How to Reconcile Who You “Should” Be with Who You Want to Be

How to Reconcile Who You “Should” Be with Who You Want to Be

Who are you?

Yup, we’re getting existential right out of the gate. Because understanding your identity and the “why” that drives you is critical to Human Leadership. Who you are is the foundation for every belief you hold, action you take, and behavior you exhibit as a leader.

In Chapter 3 of my book, Be Human, Lead Human: How to Connect People and Performance, I walk readers through a step-by-step process to get to know themselves. Because as I’ve mentioned before, you have to lead yourself first to lead others well.

But what if you’re not satisfied with who you currently are?

If today’s you isn’t your best you, that’s okay! Coaches like me are here to help you get to where you want to be. Today, I’m sharing some first steps you can take to address that disconnect. 

First, you have to figure out where you’re going.

Your Different Selves

Who do you want to be?

Ah, another question that isn’t nearly as simple to answer as it is to ask.

There’s a reason for that. According to psychologist Tory Higgins, there isn’t a singular you. That is, your concept of “self” actually includes three parts: your actual self, your ideal self, and your ought self. This is called self-discrepancy theory.

It’s common to struggle between who you are (your actual self), who you want to be (your ideal self), and who others think you should be (your ought self).
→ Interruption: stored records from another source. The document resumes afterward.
Lemma emb_comp (L : signature) (A B C : structure L) (f : A -> B) (h : B -> C) :
  is_embedding f -> is_embedding h -> is_embedding (h \o f).
Proof.
move=> [f_inj [f_fun f_rel]] [h_inj [h_fun h_rel]]; split; [|split].
- by move=> x y /h_inj /f_inj.
- by move=> g t /=; rewrite f_fun h_fun.
- by move=> r t; rewrite f_rel h_rel.
Qed.

Lemma generated_fclosed (L : signature) (A : structure L) (S : A -> Prop) :
  Defs.fclosed (generated S).
Proof. by move=> f t gen_t X X_closed X_S; apply: (X_closed f t) => i; apply: gen_t. Qed.

Lemma emb_generated (L : signature) (B F : structure L) (b : B -> F) (s : list B) :
  is_embedding b -> forall x, generated (fun y => List.In y s) x ->
  generated (fun y => List.In y (List.map b s)) (b x).
Proof.
move=> [_ [b_fun _]] x gen_x.
apply: (gen_x (fun x => generated (fun y => List.In y (List.map b s)) (b x))).
- by move=> f t Ht; rewrite b_fun; apply: generated_fclosed.
- by move=> y Hy X _ X_s; apply: X_s; apply: in_map.
Qed.

Lemma emb_eq_on_generators (L : signature) (A B : structure L) (s : list A) (a a' : A -> B) :
  (forall x, generated (fun y => List.In y s) x) ->
  is_embedding a -> is_embedding a' ->
  (forall z, List.In z s -> a z = a' z) -> forall x, a x = a' x.
Proof.
move=> gen_s [_ [a_fun _]] [_ [a'_fun _]] eq_s x.
apply: (gen_s x (fun x => a x = a' x)) => // f t eq_t.
by rewrite a_fun a'_fun; congr (fint f _); apply: functional_extensionality.
Qed.

Section Automorphisms.
Variables (L : signature) (F : structure L).

Definition aut_inv (g : aut F) (y : F) : F :=
  proj1_sig (constructive_indefinite_description _ (aut_surj g y)).

Lemma aut_invK (g : aut F) y : g (aut_inv g y) = y.
Proof. exact: proj2_sig (constructive_indefinite_description _ (aut_surj g y)). Qed.

Lemma aut_inj (g : aut F) x y : g x = g y -> x = y.
Proof. by case: (aut_emb g) => g_inj _; apply: g_inj. Qed.

Lemma aut_Kinv (g : aut F) x : aut_inv g (g x) = x.
Proof. by apply: (@aut_inj g); rewrite aut_invK. Qed.

Lemma aut_inv_emb (g : aut F) : is_embedding (aut_inv g).
Proof.
have g_inv_t t : g \o (aut_inv g \o t) = t.
  by apply: functional_extensionality => i /=; rewrite aut_invK.
case: (aut_emb g) => _ [g_fun g_rel]; split; [|split].
- by move=> x y E; rewrite -(aut_invK g x) -(aut_invK g y) E.
- by move=> f t; apply: (@aut_inj g); rewrite aut_invK g_fun g_inv_t.
- by move=> r t; rewrite (g_rel r (aut_inv g \o t)) g_inv_t.
Qed.

Definition aut_id : aut F.
Proof. by refine (@Aut L F id _ _) => [|y]; [split; [|split] | exists y]. Defined.

Definition aut_comp (g h : aut F) : aut F.
Proof.
refine (@Aut L F (g \o h) (emb_comp (aut_emb h) (aut_emb g)) _) => y.
by case: (aut_surj g y) => x <-; case: (aut_surj h x) => z <-; exists z.
Defined.

End Automorphisms.

(* The space of k-colourings of a countable set J with the product topology,
   presented through an injective coding [code : J -> nat]: two colourings
   are close when they agree on all points of small code. *)
Section CountableProduct.
Variables (J : Type) (code : J -> nat).
Hypothesis code_inj : forall i j, code i = code j -> i = j.
Variable k : nat.

Definition colouring := J -> 'I_k.

Definition agree (n : nat) (c c' : colouring) : Prop :=
  forall j, code j < n -> c j = c' j.

Lemma agree_refl n c : agree n c c. Proof. by []. Qed.

Lemma agree_sym n c c' : agree n c c' -> agree n c' c.
Proof. by move=> E j Hj; rewrite E. Qed.

Lemma agree_trans n c1 c2 c3 : agree n c1 c2 -> agree n c2 c3 -> agree n c1 c3.
Proof. by move=> E1 E2 j Hj; rewrite E1 ?E2. Qed.

Lemma agree_mono m n c c' : m <= n -> agree n c c' -> agree m c c'.
Proof. by move=> le_mn E j Hj; apply: E; apply: leq_trans le_mn. Qed.

Lemma agree_on_list (l : list J) c c' :
  agree (maxl code l).+1 c c' -> forall j, List.In j l -> c j = c' j.
Proof. by move=> E j Hj; apply: E; rewrite ltnS maxl_ub. Qed.
(* Let $n\geq 1$. For every finite frame $\mathcal{F}$ in which all theorems of $\mathrm{K4}\mathbb{C}_n$ are valid, there exist a hereditarily $(n+1)$-irresolvable T$_D$ space $X$ and a surjective $d$-morphism from $X$ onto $\mathcal{F}$.
   Context: Modal formulas use propositional variables, Boolean connectives and $\Diamond,\Box$. A normal logic is a set of formulas containing all tautologies and all instances of $\Box(\varphi\to\psi)\to(\Box\varphi\to\Box\psi)$, closed under modus ponens and $\Box$-generalisation. For $n\ge1$ and formulas $\varphi_0,\dots,\varphi_n$, let $\mathbb{P}_n(\varphi_0,\dots,\varphi_n)=\Diamond(\varphi_1\land\Diamond(\varphi_2\land\cdots\land\Diamond(\varphi_n\land\Diamond\varphi_0))\cdots)$, let $\mathbb{D}_n(\varphi_0,\dots,\varphi_n)=\bigwedge_{i<j\le n}\neg(\varphi_i\land\varphi_j)$, and $\Box^*\psi=\psi\land\Box\psi$. $\mathbb{C}_n$ is the scheme $\Box^*\mathbb{D}_n(\varphi_0,\dots,\varphi_n)\to(\Diamond\varphi_0\to\Diamond(\varphi_0\land\neg\mathbb{P}_n(\varphi_0,\dots,\varphi_n)))$. $\mathrm{K4}\mathbb{C}_n$ is the smallest normal logic containing all instances of $\Diamond\Diamond\varphi\to\Diamond\varphi$ and of $\mathbb{C}_n$. Validity in a Kripke frame $(W,R)$ is the standard relational one ($\Diamond\varphi$ true at $x$ iff $\varphi$ true at some $R$-successor of $x$). For a space $X$ and $Y\subseteq X$, $\mathrm{d}_XY$ is the set of limit points of $Y$ ($x$ such that every $O-\{x\}$, $O$ an open neighbourhood of $x$, meets $Y$). $S$ is crowded in $X$ if $S\subseteq\mathrm{d}_XS$. $X$ is T$_D$ if $\mathrm{d}_X\{x\}$ is closed for all $x$. $X$ is $k$-resolvable if it has $k$ pairwise disjoint non-empty dense subsets, and hereditarily $k$-irresolvable if no non-empty subspace is $k$-resolvable. For a transitive frame $\mathcal{F}=(W,R)$, $W_R$ denotes $W$ with the topology whose open sets are the $R$-up-sets. A $d$-morphism from $X$ to $\mathcal{F}$ is $f:X\to W$ such that (i) $f$ is continuous and open as a map $X\to W_R$; (ii) if $w$ is $R$-reflexive then $f^{-1}\{w\}$ is crowded in $X$; (iii) if $w$ is $R$-irreflexive then $f^{-1}\{w\}\cap\mathrm{d}_Xf^{-1}\{w\}=\emptyset$. *)

From HB Require Import structures.
From mathcomp Require Import all_boot all_order.
From mathcomp Require Import all_classical topology.
Set Implicit Arguments. Unset Strict Implicit. Unset Printing Implicit Defensive.
Local Open Scope classical_set_scope.
(* With fuel at least the number of inactive vertices, the construction
   satisfies the invariant: each round activates a new vertex. *)
Lemma build_completes (R : realFieldType) n (e : rel 'I_n) r (D0 : {set 'I_n} -> R) :
  is_distr D0 -> (forall i, 0 < prob D0 (fun A => i \in bp_closure e r A)) ->
  forall k U, (#|~: U| <= k)%N -> completes e r D0 U (build e r D0 k U).
Proof.
move=> D0_distr q_gt0; elim=> [|k IH] U inactive /=.
  move: inactive; rewrite leqn0 cards_eq0 -setCT (inj_eq (@setC_inj _)) => /eqP ->.
  exact: completes_setT.
case: eqP => [-> | /eqP U_neqT]; first exact: completes_setT.
apply: round_completes => // A escA; apply: IH.
rewrite -ltnS; apply: leq_trans inactive; apply: proper_card.
by rewrite properC; apply: properUl.
Qed.

Lemma contagious_distr (R : realFieldType) n (e : rel 'I_n) r (D0 : {set 'I_n} -> R) :
  is_distr D0 -> (forall i, 0 < prob D0 (fun A => i \in bp_closure e r A)) ->
  exists D : {set 'I_n} -> R,
    [/\ is_distr D, (forall S, D S != 0 -> contagious e r S) &
        forall i, prob D (fun S => i \in S) <=
          prob D0 (fun A => i \in A) / prob D0 (fun A => i \in bp_closure e r A)].
Proof.
move=> D0_distr q_gt0.
have all_inactive : (#|~: set0 : {set 'I_n}| <= n)%N by rewrite setC0 cardsT card_ord.
have [D_distr D_supp D_bound] := build_completes D0_distr q_gt0 all_inactive.
exists (build e r D0 n set0); split=> // [S /D_supp[full _] | i].
  by rewrite /contagious -full set0U.
by apply: D_bound; rewrite inE.
Qed.

Lemma binom_prod (R : realFieldType) n (p : R) (A : {set 'I_n}) :
  binom_distr p A = \prod_i (if i \in A then p else 1 - p).
Proof.
rewrite /binom_distr (bigID (fun i => i \in A)) /=.
rewrite (eq_bigr (fun=> p)) => [|i -> //].
rewrite [X in _ = _ * X](eq_bigr (fun=> 1 - p)) => [|i /negbTE -> //].
rewrite prodr_const (eq_bigl (fun i => i \in ~: A)) => [|i]; last by rewrite inE.
by rewrite prodr_const [#|~: A|]cardsCs setCK card_ord.
Qed.

Lemma binom_is_distr (R : realFieldType) n (p : R) :
  0 <= p <= 1 -> is_distr (@binom_distr R n p).
Proof.
case/andP=> p_ge0 p_le1; split=> [A|].
  by rewrite mulr_ge0 // exprn_ge0 // subr_ge0.
under eq_bigr do rewrite binom_prod.
rewrite -(bigA_distr (1 : R) +%R (fun=> p) (fun=> 1 - p)).
by rewrite big1 // => i _; rewrite /= addrC subrK.
Qed.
The struggle comes from dissonance caused by your actions and behaviors not aligning with your values.

The External Influence of “Should”

I recently had a reader ask me: “What if who I think I should be differs from who others think I should be? Are there two ought selves?”

I argue it’s still the same ought self.

Think about what “should” means. According to Oxford Languages (Google’s dictionary), should is “used to indicate obligation, duty, or correctness.” The definition beneath that is “indicating a desirable or expected state.”

Who decides what is correct or desirable? Often, we let other people determine these things for us. Neighbors, colleagues, or family members. Peers, Hollywood, and social media influencers. All of the information we take in from these sources influences our self-perception.

Any “shoulds” you tell yourself are just someone else’s beliefs you’ve internalized. Even if it’s not something someone has said to you directly, you will likely internalize some beliefs by observing them in others and comparing them to yourself. Think of the “keeping up with the Joneses” mentality.

Even if it sounds like your own, that voice telling you how you “should” think, feel, or act originates from someone other than yourself.

Resolving Dissonance between the Selves

Each one of us is on a journey of improvement. Most people try to evolve into the best version of themselves.

Experts call this drive self-expansion theory, developed by psychologists Arthur Aron and Elaine Aron. Authors Thomas Heinzen and Wind Goodfriend explain self-expansion theory along with self-discrepancy theory in this excellent chapter about the social self from their book Social Psychology.

If you’re not sure how exactly you want to evolve from your present state, it’s likely because your concept of your ideal self is clashing with that of your ought self. Remember, the struggle stems from your actions and behaviors not aligning with your values.

So, how do you decide which self aligns with your values? By evaluating the beliefs, actions, and behaviors required for each.

Beliefs

The first step to reconciling your ideal and ought selves is to identify where the dissonance between them is coming from.

What beliefs do you hold about who you “should” be? Where did those beliefs come from? Some questions to consider:

  • Do they stem from expectations formed by other people telling you who you ought to be? 
  • If yes, are there people telling you that today? Or do the beliefs stem from something that was said or happened to you in the past? 
  • If they’re from the past, what’s making you hold onto those beliefs today? 

Once you understand the origins of your beliefs about your ought self, ask yourself: are these beliefs serving me today, or are they holding me back? 

Maybe the things you need to do to become your ought self are things you want to achieve. If that’s the case, why is it conflicting with your ideal self? Could you be getting in your own way? If so, think about what you can do to move out of the way.

If the beliefs make you feel inadequate, ineffective, or unhappy today, they probably aren’t serving you. If that’s the case, the next question is: what do you want to do to release these beliefs?

Actions

Whether you’ve decided you need to get out of your own way or that you need to let go of the beliefs shaping your ought self, there is more work to do. Both are easier said than done.

Life coach Tony Robbins said it perfectly in his famed quote: “Change happens when the pain of staying the same is greater than the pain of change.”

You have to decide which course of action will cause you less pain. And since we’re wired to avoid pain and seek pleasure, you would think this part of the decision-making process would be simpler! But oftentimes, it’s not. 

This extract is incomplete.